### BRIEF:
Your answer must consist of every line from the data below that includes the word "Variables".

### RECORDS TO USE:
Lemma ereal_inf_shift_ratio_halfline :
  ereal_inf [set (shift_ratio x)%:E | x in [set x | (0 <= x)%R /\ x%:E <= +oo]] =
  (Num.min (shift_ratio 0) (lim (shift_ratio x @[x --> +oo])))%:E.
Proof.
set L := lim _; set I := ereal_inf _.
have I_ge : (Num.min (shift_ratio 0) L)%:E <= I.
  apply: le_ereal_inf_tmp => _ [x [x0 _] <-]; rewrite lee_fin ge_min.
  have [//|ltx0] := leP (shift_ratio 0) (shift_ratio x).
  apply/orP; right; apply: limr_le; first exact: shift_ratio_cvgy.
  near=> y; have xy : (x <= y)%R by near: y; apply: nbhs_pinfty_ge; rewrite num_real.
  have := shift_ratio_quasiconcave (lexx 0) x0 xy.
  by rewrite ge_min leNgt ltx0.
have I_le0 : I <= (shift_ratio 0)%:E.
  by apply: ereal_inf_lbound; exists 0%R => //; split; [|exact: leey].
apply/le_anti; rewrite I_ge andbT.
have [//|L_lt] := leP (shift_ratio 0) L.
have Ifin : I \is a fin_num.
  by rewrite fin_numElt (lt_le_trans _ I_ge) ?ltNyr // (le_lt_trans I_le0) ?ltry.
rewrite -(fineK Ifin) lee_fin; apply: limr_ge; first exact: shift_ratio_cvgy.
near=> y; have y0 : (0 <= y)%R by near: y; apply: nbhs_pinfty_ge; rewrite num_real.
rewrite -lee_fin fineK //; apply: ereal_inf_lbound; exists y => //; split => //.
exact: leey.
Unshelve. all: by end_near.
Qed.

Lemma ereal_inf_shift_ratio (w : \bar R) : 0 <= w ->
  ereal_inf [set (shift_ratio x)%:E | x in [set x | (0 <= x)%R /\ x%:E <= w]] =
  (Num.min (shift_ratio 0) (if w is w'%:E then lim (shift_ratio x @[x --> w'^'-])
                            else lim (shift_ratio x @[x --> +oo])))%:E.
Proof.
case: w => [w'| |] w0 /=; last by rewrite leeNy_eq in w0.
  rewrite (cvg_lim _ (cvg_at_left_filter (shift_ratio_continuous (x:=w')))) //.
  by rewrite ereal_inf_shift_ratio_segment // -lee_fin.
exact: ereal_inf_shift_ratio_halfline.
Qed.

Definition shift_sd_inf (a b : \bar R) : R :=
  if (a <= m%:E) && (m%:E < b) then Num.sqrt s2
  else fine (Order.min (shift_sd_e a) (shift_sd_e b)).

Local Notation sup_div_shift_sd t a b :=
  (ereal_sup [set (t / shift_sd x)%:E | x in [set x | a <= x%:E /\ x%:E < b]]).

Section SupOverInterval.
Variable t : R.
Hypothesis t_ge0 : (0 <= t)%R.

Lemma ereal_sup_div_shift_sd_center a b : a <= m%:E -> m%:E < b ->
  sup_div_shift_sd t a b = (t / Num.sqrt s2)%:E.
Proof.
move=> am mb; rewrite -shift_sd_center; apply/le_anti/andP; split.
  apply: ereal_sup_div_le => // [|x _]; first exact: shift_sd_gt0.
  by rewrite shift_sd_center shift_sd_ge_center.
by apply: ereal_sup_ubound; exists m.
Qed.

Lemma ereal_sup_div_shift_sd_above (a : R) b : (m <= a)%R -> a%:E < b ->
  sup_div_shift_sd t a%:E b = (t / shift_sd a)%:E.
Proof.
move=> ma ab; apply/le_anti/andP; split.
  apply: ereal_sup_div_le => // [|x [ax _]]; first exact: shift_sd_gt0.
  by apply: shift_sd_nondecreasing_right; rewrite -?lee_fin.
by apply: ereal_sup_ubound; exists a.
Qed.

(* [b] is not attained: [t / shift_sd] is approached from the left by continuity. *)
Lemma ereal_sup_div_shift_sd_below a (b x0 : R) : (b <= m)%R ->
  a <= x0%:E -> (x0 < b)%R -> sup_div_shift_sd t a b%:E = (t / shift_sd b)%:E.
Proof.
move=> bm ax0 x0b; set S := [set _ | _ in _].
have S_le : ereal_sup S <= (t / shift_sd b)%:E.
  apply: ereal_sup_div_le => // [|x [_ xb]]; first exact: shift_sd_gt0.
  by apply: shift_sd_nonincreasing_left => //; rewrite ltW -?lte_fin.
have S_ge x : a <= x%:E -> (x < b)%R -> (t / shift_sd x)%:E <= ereal_sup S.
  by move=> ax xb; apply: ereal_sup_ubound; exists x.
have Sfin : ereal_sup S \is a fin_num.
  rewrite fin_numElt (lt_le_trans _ (S_ge _ ax0 x0b)) ?ltNyr //.
  by rewrite (le_lt_trans S_le) ?ltry.
apply/le_anti; rewrite S_le /= -(fineK Sfin) lee_fin.
apply: (cvgr_to_le (cvg_at_left_filter (div_shift_sd_continuous (t:=t) (w:=b)))).
near=> x; rewrite -lee_fin fineK //; apply: S_ge.
  apply: le_trans ax0 _; rewrite lee_fin; apply/ltW.
  by near: x; exact: nbhs_left_gt.
by near: x; exact: nbhs_left_lt.
Unshelve. all: by end_near.
Qed.

Lemma ereal_sup_div_shift_sd a b (x0 : R) : a <= x0%:E -> x0%:E < b ->
  sup_div_shift_sd t a b = (t / shift_sd_inf a b)%:E.
Proof.
move=> ax0 x0b; rewrite /shift_sd_inf; case: ifPn => [/andP[am mb]|not_center].
  exact: ereal_sup_div_shift_sd_center.
have [ma|am] := ltP m%:E a.
  have afin : a \is a fin_num.
    by rewrite fin_numElt (lt_trans _ ma) ?ltNyr // (le_lt_trans ax0) ?ltry.
  rewrite -(fineK afin) lte_fin in ma *; rewrite -(fineK afin) in ax0.
  have ab : (fine a)%:E < b by apply: le_lt_trans x0b.
  rewrite (ereal_sup_div_shift_sd_above (ltW ma) ab) min_l //=.
  case: b ab {x0b not_center} => [b'| |] //= ab; last exact: leey.
  by rewrite lee_fin shift_sd_nondecreasing_right ?ltW // -lte_fin.
have bm : b <= m%:E by rewrite leNgt; move: not_center; rewrite am.
have bfin : b \is a fin_num.
  by rewrite fin_numElt (le_lt_trans bm) ?ltry // (le_lt_trans _ x0b) ?leNye.
rewrite -(fineK bfin) lee_fin in bm *; rewrite -(fineK bfin) lte_fin in x0b.
rewrite (ereal_sup_div_shift_sd_below bm ax0 x0b) min_r //=.
case: a ax0 am {not_center} => [a'| |] //= ax0 am; last exact: leey.
rewrite lee_fin shift_sd_nonincreasing_left // -lee_fin (le_trans ax0) //.
by rewrite lee_fin (ltW x0b).
Qed.

End SupOverInterval.

End ShiftedMoments.

Section EmpiricalMoments.
Variables (R : realType) (n d : nat) (E : 'I_n -> 'I_d -> R) (j : 'I_d).
Hypotheses (n_ge2 : (2 <= n)%N) (E_ge0 : forall i, 0 <= E i j)
  (E_inj : injective (fun i => E i j)).

Let m := muhat E j.
Let s2 := (\sum_(i < n) (E i j - m) ^+ 2) / n%:R.
Let k := (n.+1%:R : R)^-1.

Lemma column_nonconstant c : ~ (forall i, E i j = c).
Proof.
have lt01 : (0 < n)%N by apply: leq_trans n_ge2.
move=> Ec; have /E_inj/(congr1 val) : E (Ordinal lt01) j = E (Ordinal n_ge2) j.
  by rewrite !Ec.
by [].
Qed.

Lemma natr_n_neq0 : (n%:R : R) != 0.
Proof. by rewrite pnatr_eq0 -lt0n (leq_trans _ n_ge2). Qed.

Lemma muhat_gt0 : 0 < m.
Proof.
have sum_ge0 : 0 <= \sum_(i < n) E i j by rewrite sumr_ge0.
rewrite divr_gt0 ?ltr0n ?(leq_trans _ n_ge2) // lt0r sum_ge0 andbT.
apply/eqP => /psumr_eq0P E0; apply: (column_nonconstant (c := 0)) => i.
exact: E0.
Qed.

Lemma sample_var_gt0 : 0 < s2.
Proof.
rewrite divr_gt0 ?ltr0n ?(leq_trans _ n_ge2) // lt0r sumr_ge0 ?andbT => [|i _].
  apply/eqP => /psumr_eq0P sq0; apply: (column_nonconstant (c := m)) => i.
  by apply/eqP; rewrite -subr_eq0 -sqrf_eq0 sq0 // => ? _; exact: sqr_ge0.
exact: sqr_ge0.
Qed.

Lemma muzE : muz E j = shift_mean k m.
Proof.
apply/funext => z.
have sumE : \sum_(i < n) E i j = m * n%:R by rewrite divfK ?natr_n_neq0.
rewrite /muz /shift_mean sumE /k -natr1; field.
by rewrite natr1 pnatr_eq0.
Qed.

Lemma sigmazE : sigmaz E j = shift_sd k m s2.
Proof.
apply/funext => z; rewrite /sigmaz /shift_sd; congr Num.sqrt.
set c := muz E j z.
have centred : \sum_(i < n) (E i j - m) = 0.
  by rewrite sumrB sumr_const card_ord -mulr_natl mulrC divfK ?natr_n_neq0 // subrr.
have shift : \sum_(i < n) (E i j - c) ^+ 2 = \sum_(i < n) (E i j - m) ^+ 2
    + (2 * (m - c) * \sum_(i < n) (E i j - m) + n%:R * (m - c) ^+ 2).
  rewrite (eq_bigr (fun i => (E i j - m) ^+ 2 + (2 * (m - c) * (E i j - m) + (m - c) ^+ 2))).
    by rewrite big_split big_split /= -mulr_sumr sumr_const card_ord [n%:R * _]mulr_natl.
  by move=> i _; ring.
rewrite shift centred /c muzE /shift_mean /s2 /k -natr1; field.
by rewrite addrC natr1 pnatr_eq0 natr_n_neq0.
Qed.

Lemma sigmaz_eE : sigmaz_e E j = shift_sd_e k m s2.
Proof. by apply/funext; case => [z| |] //=; rewrite sigmazE. Qed.

End EmpiricalMoments.

Lemma omega_ge0 (R : realType) (n d : nat) (E : 'I_n -> 'I_d -> R) j c :
  (forall i, 0 <= E i j) -> (0 <= omega E j c)%E.
Proof.
move=> E_ge0; have mu0 : 0 <= muhat E j by rewrite divr_ge0 // sumr_ge0.
case: c => [c| |] /=; [|exact: leey|by []].
case: ifP => _ //; case: ifP => _; first by rewrite lee_fin le_max lexx.
case: ifP => _; last exact: leey.
by rewrite lee_fin addr_ge0 // !mulr_ge0 ?sqrtr_ge0 ?normr_ge0.
Qed.

Section CoordinateImages.
Variables (R : realType) (n d : nat) (E : 'I_n -> 'I_d -> R) (alpha : R).
Variables (T : Type) (f : R -> T) (j : 'I_d).

Lemma Rh_coord_image h z0 : Rh E alpha h z0 ->
  [set f (z j) | z in Rh E alpha h] =
  f @` [set x | (Eord E j (h j).-1 <= x%:E)%E /\ (x%:E < Uh E alpha j (h j))%E].
Proof.
move=> Rz0; apply/seteqP; split => _ [z hz <-]; first by exists (z j) => //; exact: hz.
exists (fun i => if i == j then z else z0 i); last by rewrite eqxx.
by move=> i; case: eqP => [->|_] //; exact: Rz0.
Qed.

Lemma E_gwc_coord_image : (forall i j, 0 <= E i j) ->
  [set f (z j) | z in E_gwc E alpha] =
  f @` [set x | 0 <= x /\ (x%:E <= omega E j (Q_gwc E alpha))%E].
Proof.
move=> E_ge0; apply/seteqP; split => _ [z hz <-]; first by exists (z j) => //; exact: hz.
exists (fun i => if i == j then z else 0); last by rewrite eqxx.
by move=> i; case: eqP => [->|_] //; split => //; exact: omega_ge0 _ (E_ge0^~ i).
Qed.

End CoordinateImages.

Theorem lemma3p6 (R : realType) (n d : nat) (alpha : R)
  (E : 'I_n -> 'I_d -> R) (X : Type) (Eres : X -> ('I_d -> R) -> ('I_d -> R))
  (Xtest : X) (h : 'I_d -> nat) (t : 'I_d -> R) :
  (2 <= n)%N -> (1 <= d)%N -> 0 < alpha < 1 ->
  (forall i j, 0 <= E i j) ->
  (forall j, injective (fun i => E i j)) ->
  (forall j, (1 <= h j <= n.+1)%N) ->
  Yh E Eres Xtest alpha h !=set0 ->
  (forall j, 0 <= t j) ->
  Phi_lwc E alpha t h =
  (\big[Order.max/-oo%E]_(j < d)
     (t j / r_h E alpha j (h j)
      - Num.min (muz E j 0 / sigmaz E j 0) (lim_ratio E alpha j))%:E)%E.
Proof.
move=> n_ge2 _ _ E_ge0 E_inj _ [y Ry] t_ge0; apply: eq_bigr => j _.
have Rz : Rh E alpha h (Eres Xtest y) := Ry.
have k_gt0 : 0 < (n.+1%:R : R)^-1 by rewrite invr_gt0 ltr0n.
have k_lt1 : (n.+1%:R : R)^-1 < 1.
  by rewrite invf_lt1 ?ltr0n // ltr1n ltnS (leq_trans _ n_ge2).
have m_gt0 := muhat_gt0 n_ge2 (E_ge0^~ j) (E_inj j).
have s2_gt0 := sample_var_gt0 n_ge2 (E_inj j).
rewrite (Rh_coord_image (fun x => (t j / sigmaz E j x)%:E) j Rz).
rewrite (E_gwc_coord_image alpha (fun x => (muz E j x / sigmaz E j x)%:E) j E_ge0).
rewrite /lim_ratio /r_h (sigmaz_eE E j n_ge2) (muzE E j n_ge2) (sigmazE E j n_ge2).
rewrite (ereal_sup_div_shift_sd _ k_gt0 s2_gt0 (t_ge0 j) (Rz j).1 (Rz j).2).
rewrite (ereal_inf_shift_ratio k_gt0 k_lt1 m_gt0 s2_gt0 (omega_ge0 _ (E_ge0^~ j))).
by case: omega.
Qed.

### EXERCISE OUTPUT:
Variables (R : realType) (n d : nat) (E : 'I_n -> 'I_d -> R) (j : 'I_d).
Variables (R : realType) (n d : nat) (E : 'I_n -> 'I_d -> R) (alpha : R).
Variables (T : Type) (f : R -> T) (j : 'I_d).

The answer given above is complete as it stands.